Days of Heaven, or sweeping shots of beautiful pastures (Cinematography & Mise en scene)

When watching Days of Heaven, you have to imagine it like a pot of chili. The ingredients it takes to make chili good is just like the film.  You have multiple set pieces, actors, and plots; like you need spices, vegetables, beans, and meat all simmering in a pot together. It takes a lot of time for the ingredients to cook, allowing each ingredient to release during that time, introducing each part at different time. The result is an explosion of taste the longer the pot simmers. This is what a Terrence Malick film is about, you let everything slowly move over time as it establishes all the pieces. Once this has been accomplished, the buildup is an explosion of massive flavor and art.

Days of Heaven is a movie primarily shot in Alberta, Canada in 1978, directed by Terrence Malick, and starring a very young Richard Gere, Sam Shepard, Brooke Adams, and Linda Manz. Set in the early 20th century, in Texas, as Gere, Adams, and Manz work harvesting crops for a wealthy farmer. What unfolds is a romantic drama of a triangle of love between Gere, Adams, and Shepards characters. This is the setup up for the massive feast on the eyes of the cinematography and mise en scene.

The mise en scene is of the past with many classic settings like farm machines, trains, and billowing farm lands with an old house and wheat fields aplenty. Gere’s character Bill, even though shown as a poor industrial and farm worker, he is typically dressed quite dignified, feeling as though he deserves more than he has. Brooke Adams as Abby plays a very soft spoken character, lesser dressed, yet very beautiful woman following Gere as they hide their love for one another, acting as brother and sister.

Adams is the plot device used in the film that pulls the strength out of both Shepards dying, yet wealthy farmer and Gere’s poor man, who wants more characters. She is what drives both of them to make the choices throughout the film. Manz character Linda is used as a narrator, describing the situations as they unfold in a dramatic manner throughout the film, but within an innocence of a child. The scenes are narrated with an explanation of things told to her by others and also how subtly she views them in a naiveté only seen through a child’s eyes. 

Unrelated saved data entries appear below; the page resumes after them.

(* In the setting of the context, for any $H\in\mathbb S^n$, $$\langle\widetilde{\mathcal D}(H),\widetilde{\mathcal D}^\perp(H)\rangle=2\langle\tilde\Theta\circ\hat H_{\gamma\alpha},\tilde\Theta^\perp\circ\hat H_{\gamma\alpha}\rangle\ge0,$$ with equality if and only if $\hat H_{\gamma\alpha}=0$, and $$\|H\|_F^2-\|\widetilde{\mathcal M}(H)\|_F^2=\|\mathcal P\widetilde{\mathcal D}(H)\|_F^2+\|\mathcal P^\perp\widetilde{\mathcal D}^\perp(H)\|_F^2+4\langle\tilde\Theta\circ\hat H_{\gamma\alpha},\tilde\Theta^\perp\circ\hat H_{\gamma\alpha}\rangle.$$
   Context: $\mathbb S^p$: real symmetric $p\times p$ matrices with trace inner product and Frobenius norm; $\Pi_{\mathbb S^p_+}$ projection onto the PSD cone; $\circ$ Hadamard product. $\mathcal AX=(\langle A_i,X\rangle)_i$ ($A_i\in\mathbb S^n$) surjective, $\mathcal P=\mathcal A^*(\mathcal A\mathcal A^* )^{-1}\mathcal A$, $\mathcal P^\perp=\mathrm{Id}-\mathcal P$. $Z_\star=X_\star-\sigma S_\star$ ($\sigma>0$) for a KKT point $(X_\star,y_\star,S_\star)$ of min $\langle C,X\rangle$ s.t. $\mathcal AX=b$, $X\succeq0$ / max $b^\top y$ s.t. $\mathcal A^*y+S=C$, $S\succeq0$; $r=\operatorname{rank}X_\star$, $s=\operatorname{rank}S_\star$; $Z_\star=Q_\star\operatorname{diag}(\lambda_1,\dots,\lambda_n)Q_\star^\top$ with $Q_\star$ orthogonal and $\lambda_1\ge\dots\ge\lambda_r>0=\lambda_{r+1}=\dots=\lambda_{n-s}>\lambda_{n-s+1}\ge\dots\ge\lambda_n$. Index sets $\alpha=\{1..r\}$, $\beta=\{r+1..n-s\}$, $\gamma=\{n-s+1..n\}$; $\hat H=Q_\star^\top HQ_\star$ with blocks $\hat H_{\alpha\alpha},\hat H_{\beta\alpha},\hat H_{\gamma\alpha},\hat H_{\beta\beta},\hat H_{\gamma\beta},\hat H_{\gamma\gamma}$. $\tilde\Theta\in\mathbb R^{s\times r}$, $\tilde\Theta_{ij}=\lambda_j/(\lambda_j-\lambda_{n-s+i})$, $\tilde\Theta^\perp=E_{s\times r}-\tilde\Theta$ (all-ones minus $\tilde\Theta$). $\widetilde{\mathcal D}(H)=Q_\star\begin{pmatrix}\hat H_{\alpha\alpha}&\hat H_{\beta\alpha}^\top&\tilde\Theta^\top\circ\hat H_{\gamma\alpha}^\top\\\hat H_{\beta\alpha}&\Pi_{\mathbb S^{|\beta|}_+}(\hat H_{\beta\beta})&0\\\tilde\Theta\circ\hat H_{\gamma\alpha}&0&0\end{pmatrix}Q_\star^\top$, $\widetilde{\mathcal D}^\perp(H)=H-\widetilde{\mathcal D}(H)$, $\widetilde{\mathcal M}(H)=\mathcal P\widetilde{\mathcal D}^\perp(H)+\mathcal P^\perp\widetilde{\mathcal D}(H)$. *)

From HB Require Import structures.
From mathcomp Require Import all_boot all_order all_algebra.
From mathcomp Require Import boolp classical_sets reals.
Set Implicit Arguments. Unset Strict Implicit. Unset Printing Implicit Defensive.
Import Order.TTheory GRing.Theory Num.Theory.
Local Open Scope ring_scope.

Section Defs.
Variable R : realType.

Definition frob (p q : nat) (A B : 'M[R]_(p, q)) : R :=
  \sum_(i < p) \sum_(j < q) A i j * B i j.

Definition hadamard (p q : nat) (A B : 'M[R]_(p, q)) : 'M[R]_(p, q) :=
  \matrix_(i, j) (A i j * B i j).

Definition symmx (k : nat) (A : 'M[R]_k) : Prop := A^T = A.

Definition psd (k : nat) (A : 'M[R]_k) : Prop :=
  symmx A /\ forall v : 'cV[R]_k, 0 <= (v^T *m A *m v) 0 0.

Definition proj_psd (k : nat) (M : 'M[R]_k) : 'M[R]_k :=
  xget 0 (fun Y : 'M[R]_k => psd Y /\
          forall Y' : 'M[R]_k, psd Y' -> frob (M - Y) (M - Y) <= frob (M - Y') (M - Y')).

Definition Aop (m k : nat) (As : 'I_m -> 'M[R]_k) (X : 'M[R]_k) : 'cV[R]_m :=
  \col_i frob (As i) X.
Definition Aadj (m k : nat) (As : 'I_m -> 'M[R]_k) (y : 'cV[R]_m) : 'M[R]_k :=
  \sum_(i < m) y i 0 *: As i.
Definition AAadj (m k : nat) (As : 'I_m -> 'M[R]_k) : 'M[R]_m :=
  \matrix_(i, j) frob (As i) (As j).
Definition Pop (m k : nat) (As : 'I_m -> 'M[R]_k) (H : 'M[R]_k) : 'M[R]_k :=
  Aadj As (invmx (AAadj As) *m Aop As H).
Definition Pperp (m k : nat) (As : 'I_m -> 'M[R]_k) (H : 'M[R]_k) : 'M[R]_k :=
  H - Pop As H.

(* Index sets: n = r + b + s with alpha = first r, beta = next b (= n-r-s),
   gamma = last s indices. *)
Definition alpha (r b s : nat) (j : 'I_r) : 'I_(r + b + s) := lshift s (lshift b j).
Definition gamma (r b s : nat) (i : 'I_s) : 'I_(r + b + s) := rshift (r + b) i.

Definition Theta (r b s : nat) (lam : 'rV[R]_(r + b + s)) : 'M[R]_(s, r) :=
  \matrix_(i, j) (lam 0 (alpha b s j) / (lam 0 (alpha b s j) - lam 0 (gamma r b i))).
Definition Thetap (r b s : nat) (lam : 'rV[R]_(r + b + s)) : 'M[R]_(s, r) :=
  const_mx 1 - Theta lam.

Definition Hhat (k : nat) (Q H : 'M[R]_k) : 'M[R]_k := Q^T *m H *m Q.
Definition blk_aa (r b s : nat) (M : 'M[R]_(r + b + s)) : 'M[R]_r := ulsubmx (ulsubmx M).
Definition blk_ba (r b s : nat) (M : 'M[R]_(r + b + s)) : 'M[R]_(b, r) := dlsubmx (ulsubmx M).
Definition blk_bb (r b s : nat) (M : 'M[R]_(r + b + s)) : 'M[R]_b := drsubmx (ulsubmx M).
Definition blk_ga (r b s : nat) (M : 'M[R]_(r + b + s)) : 'M[R]_(s, r) := lsubmx (dlsubmx M).

Definition Dt (r b s : nat) (Q : 'M[R]_(r + b + s)) (lam : 'rV[R]_(r + b + s))
    (H : 'M[R]_(r + b + s)) : 'M[R]_(r + b + s) :=
  let Hh := Hhat Q H in
  let TH := hadamard (Theta lam) (blk_ga Hh) in
  Q *m block_mx
        (block_mx (blk_aa Hh) (blk_ba Hh)^T (blk_ba Hh) (proj_psd (blk_bb Hh)))
        (col_mx (TH^T) 0)
        (row_mx TH 0)
        0
    *m Q^T.

Definition Dtp (r b s : nat) (Q : 'M[R]_(r + b + s)) (lam : 'rV[R]_(r + b + s))
    (H : 'M[R]_(r + b + s)) : 'M[R]_(r + b + s) := H - Dt Q lam H.

Definition Mt (m r b s : nat) (As : 'I_m -> 'M[R]_(r + b + s)) (Q : 'M[R]_(r + b + s))
    (lam : 'rV[R]_(r + b + s)) (H : 'M[R]_(r + b + s)) : 'M[R]_(r + b + s) :=
  Pop As (Dtp Q lam H) + Pperp As (Dt Q lam H).

End Defs.

(* In the eigenbasis [Q] of [Z], [D~(H)] and [D~perp(H)] are block matrices
   whose inner product only sees the beta-beta block, where
   [<Pi(M), M - Pi(M)> = 0] because [Pi] is the metric projection onto a cone,
   and the gamma-alpha blocks [Theta o H_ga] and [Theta^perp o H_ga], met twice
   by symmetry.  As [0 < Theta < 1] entrywise, this term is a positively
   weighted sum of the squares of the entries of [H_ga].  The second identity
   holds for any orthogonal projection [P] and any splitting [H = D + E]:
   [||D + E||^2 - ||P E + P^perp D||^2 = ||P D||^2 + ||P^perp E||^2 + 2 <D, E>]. *)
From HB Require Import structures.
From mathcomp Require Import all_boot all_order all_algebra.
From mathcomp Require Import boolp classical_sets reals.
From mathcomp Require Import ring lra.
Import Order.TTheory GRing.Theory Num.Theory.
Local Open Scope ring_scope.
Set Implicit Arguments. Unset Strict Implicit.

Lemma eq0_of_quadratic_ge0 (R : realFieldType) (c d : R) : 0 <= d ->
  (forall u, u <= 1 -> 0 <= 2 * u * c + u ^+ 2 * d) -> c = 0.
Proof.
move=> d_ge0 quad_ge0; set K := d + `|c| + 1.
have K_gt0 : 0 < K by rewrite /K; have := normr_ge0 c; lra.
(* at [u = - c / K] the quadratic is [c^2 (d - 2 K) / K^2], and [d - 2 K < 0] *)
have u_le1 : - c / K <= 1.
  by rewrite ler_pdivrMr // mul1r /K; have := ler_norm (- c); rewrite normrN; lra.
have := quad_ge0 _ u_le1; set u := - c / K => q_ge0.
have cE : c = - (u * K) by rewrite /u mulrVK ?opprK // unitfE gt_eqF.
have : 0 <= c ^+ 2 * (d - 2 * K).
  have -> : c ^+ 2 * (d - 2 * K) = (2 * u * c + u ^+ 2 * d) * K ^+ 2.
    by rewrite {1 2}cE; ring.
  exact: mulr_ge0 q_ge0 (sqr_ge0 K).
have : d - 2 * K < 0 by rewrite /K; have := normr_ge0 c; lra.
by move=> dK c2_ge0; apply/eqP; rewrite -sqrf_eq0 eq_le sqr_ge0 andbT; nra.
Qed.

Section Frobenius.
Variable R : realType.
Implicit Types (p q : nat).

Lemma frobC p q (A B : 'M[R]_(p, q)) : frob A B = frob B A.
Proof. by apply: eq_bigr => i _; apply: eq_bigr => j _; rewrite mulrC. Qed.

Lemma frobDl p q (A B C : 'M[R]_(p, q)) : frob (A + B) C = frob A C + frob B C.
Proof.
rewrite /frob -big_split; apply: eq_bigr => i _; rewrite -big_split.
by apply: eq_bigr => j _; rewrite mxE mulrDl.
Qed.

Lemma frobNl p q (A C : 'M[R]_(p, q)) : frob (- A) C = - frob A C.
Proof.
rewrite /frob -sumrN; apply: eq_bigr => i _; rewrite -sumrN.
by apply: eq_bigr => j _; rewrite mxE mulNr.
Qed.

Lemma frobZl p q k (A C : 'M[R]_(p, q)) : frob (k *: A) C = k * frob A C.
Proof.
rewrite /frob mulr_sumr; apply: eq_bigr => i _; rewrite mulr_sumr.
by apply: eq_bigr => j _; rewrite mxE mulrA.
Qed.

Lemma frobDr p q (A B C : 'M[R]_(p, q)) : frob C (A + B) = frob C A + frob C B.
Proof. by rewrite !(frobC C) frobDl. Qed.

Lemma frobNr p q (A C : 'M[R]_(p, q)) : frob C (- A) = - frob C A.
Proof. by rewrite !(frobC C) frobNl. Qed.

Everything has a very classic and country feel to it. Touched with very little technology and everything is worked on by hand, except for when harvesting wheat, a train ride, motorcycle, and bi-plane/tri-planes. 

The cinematography of Days of Heaven is the full course meal of the film. With its sweeping shots of the lands and environments, medium shots of the characters with them being presented as a center of the scene, and low angled shots of characters through their emotion development. The scenes make the film look like a painting or photograph with each shot being thought out with precision and a critical eye. Every shot in the film tries to capture the right beauty or emotion conveyed to the viewer. This is what leaves a lasting impression and leaves you looking back at the film trying to understand as a viewer why is this film so powerful. 

My view of this film is a lead by example approach. They took the idea of what they wanted to convey, and executed it perfectly to the audience. Making each shot count, or feel like they are all necessary is difficult. This is perhaps why Mallick takes so long in producing films. He wants to make sure every shot, every line, every character is developed so it will impact you as the film moves from one scene to the next.

This is what is called a slow burn film. You don’t know which way things will go for the characters. Each piece slowly progresses itself into moments of beauty and tension, not knowing who is going to stay, who will die, how long will everything last, where will the critical moments be with such a subtle release of each part of the story. Even in the end, the characters left are not given a resolution and that leaves a feeling of being unsettled.

I have my ups and downs with Terrence Malick. His films are considered to be slow going and feels like they go on forever. With Days of Heaven, the story is consistent for the 1st and 2nd acts, but the end resolution is something that leaves you pondering what is going to happen to everyone and why did it happen this way? I think it is about seeing the scope of a poem on a big screen, leaving the audience up to their own resolution and giving us beautiful set pieces and shots for the whole film. The scope of this film is truly a piece of art and gives everything an important role, from the subtle wind blowing in the wheat fields, to the energetic exhibition of the flying circus.

Terrence Malick actually drew his inspiration through turn of the century paintings, including Andrew Wyeth’s painting Christina’s World, which can explain the feeling of this film feeling like a painting.